South Carolina State University: Trustees postpone cutting programs
CALEB BOZARD, T&D
South Carolina State University will not cut several academic programs just yet. The university’s trustees voted Thursday to hold off on plans to end the programs.
The board’s Academic Affairs Committee recommended the university cut its bachelor’s degrees in art education, history, social studies, special education and professional land surveying at the committee meeting on Wednesday.
The committee also recommended cutting the dramatic arts bachelor’s degree and replacing it with an 18-hour concentration in the Professional English program.
However, the full board decided Thursday to postpone cutting the programs, saying trustees need more information on the impacts the cuts would have on the university.
Academic Affairs Committee Vice Chair Doris Helms said she had voted to cut the programs “reluctantly,” because she wasn’t sure what would happen to faculty in the programs and what effect the cuts would have on the university’s overall academic strategy.
“Yes, we do need program elimination,” Helms said. “We're a small school. We don't have enough students to have as many programs as we have. I have no question about that. As a matter of fact, I think that these programs probably do need to be eliminated, but I really feel uncomfortable without understanding what's going to happen once they are.”
Helms said some of her concerns might be answered by President Alexander Conyers’s strategic plan for the university.
“You don't have a strategic plan yet,” Helms said. “We haven't seen it.

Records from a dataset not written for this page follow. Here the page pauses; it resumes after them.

(* Let $h$ be a penalty function on $\Delta$ and let $p$ lie in the relative interior of $\Delta$. If $F_h(p,y_j)$ is bounded for a sequence $y_j\in\mathbb{R}^n$, then $y_{j,\alpha}-y_{j,\beta}$ is bounded for all $\alpha,\beta\in\{1,\dots,n\}$.
   Context: $\Delta$ is the unit simplex of $\mathbb{R}^n$. A penalty function on $\Delta$ is $h:\Delta\to\mathbb{R}$, continuous, $C^\infty$ on the relative interior of every face of $\Delta$, and strongly convex: $h(tx_1+(1-t)x_2)\le th(x_1)+(1-t)h(x_2)-\tfrac12Kt(1-t)\|x_1-x_2\|^2$ for some $K>0$. $h^*(y)=\max_{x\in\Delta}\{\langle y,x\rangle-h(x)\}$; Fenchel coupling $F_h(p,y)=h(p)+h^*(y)-\langle y,p\rangle$. *)

(* vectors of R^n are row vectors 'rV[R]_n,
   coordinate i of x is  x ord0 i. *)
From HB Require Import structures.
From mathcomp Require Import all_boot all_order all_algebra.
From mathcomp Require Import all_classical all_reals all_analysis.
Set Implicit Arguments. Unset Strict Implicit. Unset Printing Implicit Defensive.
Import Order.TTheory GRing.Theory Num.Theory.
Import numFieldNormedType.Exports.
Local Open Scope classical_set_scope.
Local Open Scope ring_scope.

Section Simplex.
Variables (R : realType) (n : nat).
Notation V := 'rV[R]_n.

Definition dotp (y x : V) : R := \sum_(i < n) y ord0 i * x ord0 i.
Definition sqnorm (x : V) : R := \sum_(i < n) (x ord0 i) ^+ 2.

Definition simplex : set V :=
  [set x | (forall i, 0 <= x ord0 i) /\ \sum_(i < n) x ord0 i = 1].

Definition simplex_ri : set V :=
  [set x | (forall i, 0 < x ord0 i) /\ \sum_(i < n) x ord0 i = 1].

(* relative interior of the face of the simplex spanned by the vertices e_i, i in S *)
Definition face_ri (S : {set 'I_n}) : set V :=
  [set x | simplex x /\ forall i, (0 < x ord0 i) = (i \in S)].

Definition face_dir (S : {set 'I_n}) : set V :=
  [set v | (forall i, i \notin S -> v ord0 i = 0) /\ \sum_(i < n) v ord0 i = 0].

Definition cont_on (U : set V) (f : V -> R) : Prop :=
  forall x, U x -> f @ within U (nbhs x) --> f x.

(* C^k on the relatively open set U of an affine subspace with direction space T:
   all iterated directional derivatives along T of order <= k exist on U and are
   continuous on U *)
Fixpoint smooth_k (k : nat) (U T : set V) (f : V -> R) : Prop :=
  match k with
  | 0 => cont_on U f
  | k.+1 => cont_on U f /\
      forall v, T v -> (forall x, U x -> derivable f x v) /\
                       smooth_k k U T (fun x => 'D_v f x)
  end.

Definition smooth_on (U T : set V) (f : V -> R) : Prop :=
  forall k, smooth_k k U T f.

(* penalty function on the simplex (only the values on the simplex matter) *)
Definition penalty (h : V -> R) : Prop :=
  cont_on simplex h /\
  (forall S : {set 'I_n}, smooth_on (face_ri S) (face_dir S) h) /\
  exists K : R, 0 < K /\
    forall x1 x2 t, simplex x1 -> simplex x2 -> 0 <= t <= 1 ->
      h (t *: x1 + (1 - t) *: x2) <=
        t * h x1 + (1 - t) * h x2 - 2^-1 * K * t * (1 - t) * sqnorm (x1 - x2).

(* convex conjugate: h*(y) = max_{x in simplex} <y,x> - h(x) (written as a sup;
   the max is attained for continuous h) *)
Definition hstar (h : V -> R) (y : V) : R :=
  sup [set r | exists2 x, simplex x & r = dotp y x - h x].

Definition fenchel (h : V -> R) (p y : V) : R := h p + hstar h y - dotp y p.

End Simplex.

From HB Require Import structures.
From mathcomp Require Import all_boot all_order all_algebra.
From mathcomp Require Import all_classical all_reals all_analysis.
From mathcomp Require Import lra.
Set Implicit Arguments. Unset Strict Implicit. Unset Printing Implicit Defensive.
Import Order.TTheory GRing.Theory Num.Theory.
Import numFieldNormedType.Exports.
Local Open Scope classical_set_scope.
Local Open Scope ring_scope.

(* Only the continuity of h is needed: h is bounded on the compact simplex, so
   h* is finite and, for every x in the simplex, F_h(p,y) >= <y, x - p> - 2 sup|h|.
   Moving p along the edge direction e_a - e_b by p_b stays in the simplex and
   gives p_b (y_a - y_b) <= F_h(p,y) + 2 sup|h|; exchanging a and b bounds
   |y_a - y_b|. *)

Section SimplexBounds.
Variables (R : realType) (n : nat).
Notation V := 'rV[R]_n.

Lemma continuous_coord_sum (r : seq 'I_n) :
  continuous (fun v : V => \sum_(i <- r) v ord0 i).
Proof.
elim: r => [|i r IHr].
  under eq_fun do rewrite big_nil; exact: cst_continuous.
under eq_fun do rewrite big_cons.
by move=> x; apply: continuousD; [exact: coord_continuous | exact: IHr].
Qed.

Lemma simplex_coord_le1 (x : V) i : simplex x -> x ord0 i <= 1.
Proof. by move=> [x_ge0 <-]; rewrite (bigD1 i) //= lerDl sumr_ge0. Qed.

Lemma simplex_ri_simplex (p : V) : simplex_ri p -> simplex p.
Proof. by move=> [p_gt0 p_sum]; split => // i; exact: ltW. Qed.

Lemma simplex_compact : compact (@simplex R n).
Proof.
have -> : @simplex R n =
    [set v : V | forall i, `[0, 1]%classic (v ord0 i)] `&`
    ((fun v : V => \sum_(i < n) v ord0 i) @^-1` [set 1]).
  apply/seteqP; split => v /=.
    move=> sv; split; last by case: sv.
    by move=> i; rewrite in_itv /= simplex_coord_le1 // andbT; case: sv.
  by move=> [v01 v_sum]; split => // i; have := v01 i; rewrite in_itv /= => /andP[].
apply: compact_closedI.
  by apply: (@rV_compact R n (fun=> `[0, 1]%classic)) => i; exact: segment_compact.
by apply: preimage_closed; [move=> x _; exact: continuous_coord_sum | exact: closed_eq].
Qed.

Lemma bounded_on_simplex (f : V -> R) :
  cont_on (@simplex R n) f -> exists B, forall x, simplex x -> `|f x| <= B.
Proof.
move=> f_cont.
have /compact_bounded [M [_ fM]] : compact (f @` @simplex R n).
  by apply: continuous_compact simplex_compact; apply/subspace_continuousP.
exists (`|M| + 1) => x sx; apply: fM; last by exists x.
by rewrite (le_lt_trans (ler_norm M)) // ltrDl.
Qed.

Lemma dotp_le_sum_norm (y x : V) : simplex x -> dotp y x <= \sum_(i < n) `|y ord0 i|.
Proof.
move=> sx; rewrite /dotp; apply: ler_sum => i _; apply: le_trans (ler_norm _) _.
by rewrite normrM (ger0_norm (sx.1 i)) ler_piMr // simplex_coord_le1.
Qed.

Lemma hstar_ge (h : V -> R) B (y x : V) :
  (forall z, simplex z -> B <= h z) -> simplex x -> dotp y x - h x <= hstar h y.
Proof.
move=> hB sx; apply: sup_upper_bound; last by exists x.
split; first by exists (dotp y x - h x), x.
exists (\sum_(i < n) `|y ord0 i| - B) => _ [z sz ->].
by apply: lerD; [exact: dotp_le_sum_norm | rewrite lerN2 hB].
Qed.

Definition edge_dir (a b : 'I_n) : V := \row_i ((i == a)%:R - (i == b)%:R).

Lemma sum_mul_indicator (f : 'I_n -> R) a : \sum_(i < n) f i * (i == a)%:R = f a.
Proof.
rewrite (bigD1 a) //= eqxx mulr1 big1 ?addr0 // => i /negbTE ->.
by rewrite mulr0.
Qed.

Lemma dotp_add_edge (y p : V) a b s :
  dotp y (p + s *: edge_dir a b) = dotp y p + s * (y ord0 a - y ord0 b).
Proof.
rewrite /dotp; under eq_bigr do rewrite !mxE mulrDr.
rewrite big_split /=; congr (_ + _).
under eq_bigr do rewrite mulrCA mulrBr.
by rewrite -mulr_sumr sumrB !sum_mul_indicator.
Qed.

Lemma simplex_ri_add_edge (p : V) a b :
  simplex_ri p -> simplex (p + p ord0 b *: edge_dir a b).
Proof.
move=> [p_gt0 p_sum]; split.
  move=> i; rewrite !mxE; have p_ge0 j : 0 <= p ord0 j by exact: ltW.
  have [->|ib] := eqVneq i b; last by rewrite subr0 addr_ge0 ?mulr_ge0.
  by rewrite mulrBr mulr1 addrCA subrr addr0 mulr_ge0.
under eq_bigr do rewrite !mxE.
rewrite big_split /= p_sum -mulr_sumr.
under eq_bigr do rewrite -[X in X - _]mul1r -[X in _ - X]mul1r.
by rewrite sumrB !sum_mul_indicator subrr mulr0 addr0.
Qed.

Lemma coord_diff_le_fenchel (h : V -> R) B (p y : V) a b :
  (forall x, simplex x -> `|h x| <= B) -> simplex_ri p ->
  p ord0 b * (y ord0 a - y ord0 b) <= fenchel h p y + 2 * B.
Proof.
move=> hB sp; set x := p + p ord0 b *: edge_dir a b.
have sx : simplex x by exact: simplex_ri_add_edge.
have h_ge z : simplex z -> - B <= h z by move/hB; rewrite ler_norml => /andP[].
have := hstar_ge y h_ge sx; rewrite dotp_add_edge /fenchel.
have := hB _ sx; have := hB _ (simplex_ri_simplex sp).
by rewrite !ler_norml => /andP[? ?] /andP[? ?]; lra.
Qed.

End SimplexBounds.

Theorem propositionC5 (R : realType) (n : nat) (h : 'rV[R]_n -> R)
  (p : 'rV[R]_n) (y : nat -> 'rV[R]_n) :
  penalty h -> simplex_ri p ->
  (exists M : R, forall j, `|fenchel h p (y j)| <= M) ->
  forall a b : 'I_n, exists M : R, forall j, `|y j ord0 a - y j ord0 b| <= M.
Proof.
move=> [h_cont _] sp [M FM] a b.
have [B hB] := bounded_on_simplex h_cont.
have p_gt0 i : 0 < p ord0 i by case: sp.
have diff_le j c d : y j ord0 c - y j ord0 d <= (M + 2 * B) / p ord0 d.
  rewrite ler_pdivlMr // [_ * p ord0 d]mulrC.
  apply: le_trans (coord_diff_le_fenchel (y j) c d hB sp) _.
  by rewrite lerD2r (le_trans (ler_norm _)).
exists ((M + 2 * B) / p ord0 a + (M + 2 * B) / p ord0 b) => j.
have bound_ge0 c : 0 <= (M + 2 * B) / p ord0 c
  by have := diff_le j c c; rewrite subrr.
rewrite ler_norml; apply/andP; split.
  rewrite lerNl opprB (le_trans (diff_le j b a)) // lerDl; exact: bound_ge0.
by rewrite (le_trans (diff_le j a b)) // lerDr; exact: bound_ge0.
Qed.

I have no idea where the university is going in terms of what we're going to really be emphasizing, what we're not going to be. And I really felt that I needed to see the context of what would happen, for instance, to the African American studies program, if you eliminate history, where are the faculty going to go? What are we really thinking about in the context of the whole?”
Helms also said she felt there had not been enough communication between university administration and faculty on the programs.
At least 12.5 students must be enrolled in an undergraduate program, with eight having completed the degree, within five years to meet the commission’s standards for productivity, according to commission policy documents.
Many of the programs identified by the academic commission average between 5 and 10 students enrolled, with land surveying averaging 0.8 students. Conyers said some of the programs that would be cut have had one graduate in five years.
Programs that do not meet the commission’s standards are placed on probation for no more than three two-year review cycles, which covers six years. If numbers have not improved, the commission will give the institution a timeline to phase out the programs.
The commission can grant exceptions to programs that don’t meet these standards if the programs are “considered essential to the basic mission of the institution or deemed so unique in their subject matter and value to the higher education community in South Carolina as to make them essential,” according to commission policy.
The university expects “minimal” impacts on faculty positions, Watson said. Faculty will be shifted to core curricula or concentrations rather than degrees, he said. Any adjustments in personnel would take place over a two-year to three-year process.
"We still have to teach history," he said. "But as much history? Maybe not."
Offering the programs is a disservice to students who apply for those programs not knowing they will have few classmates and professors to choose from, Conyers said.
“You get a kid here who signs up for the art education class, because they don't know anyone – that kid doesn't know that no one has graduated from that program in five years,” Conyers said. “That student doesn't know that there's only one or two professors, and when he or she fails that course, there's no other option but to go back to that same professor that failed them the last time. That student doesn't know that there's no other students in his or her cohort that he or she can study with.”
This also hurts students in the more popular programs who are short of resources such as professors and class space, he said.
“You've got programs that need personnel,” Watson said. “We've got engineering classes that are packed. So we've got to be able to direct resources to those programs that are in high demand.”
Holding off on cutting the programs prolongs the teach-out period, where students in a program are allowed to complete their degree while no new students are admitted, Conyers said.
Alexander Thierry, president of the university’s faculty senate, said there are benefits to keeping the programs on campus.
Some of the programs would be more popular if the university provided resources for better recruiting, which currently falls on the shoulders of program faculty, Thierry said.
“I think that many of those programs just would like the resources that they've requested over long amounts of time to help with making their programs stronger,” he said.
Though cutting the programs had been discussed before, faculty were not aware the Board of Trustees would be voting on the cuts until the Academic Affairs committee meeting on Wednesday, catching many off guard, Thierry said.
Faculty in the affected programs have filed plans to improve recruitment and apply for exceptions to the higher education commission’s productivity policies and would like time to see these through, he said.
Thierry said he was glad the board wanted more information before making a decision. He said faculty members were also unclear on exactly what would happen to those working in programs that could be cut.
Thierry, as an associate art professor under the studio art and art education program, could see his program eliminated.
Thierry cited special education as a program that could bring value to the university and help solve South Carolina’s teacher shortage.
“If South Carolina State University is looking for programs to champion to help with those needs, then some of these programs on this list are in the critical needs area,” he said.
According to higher education commission reports, 35 of S.C. State’s 55 degree programs did not meet productivity standards between 2016 and 2020. Of those 35 degrees, six have been terminated, three are on probation and 19 have been granted exemptions.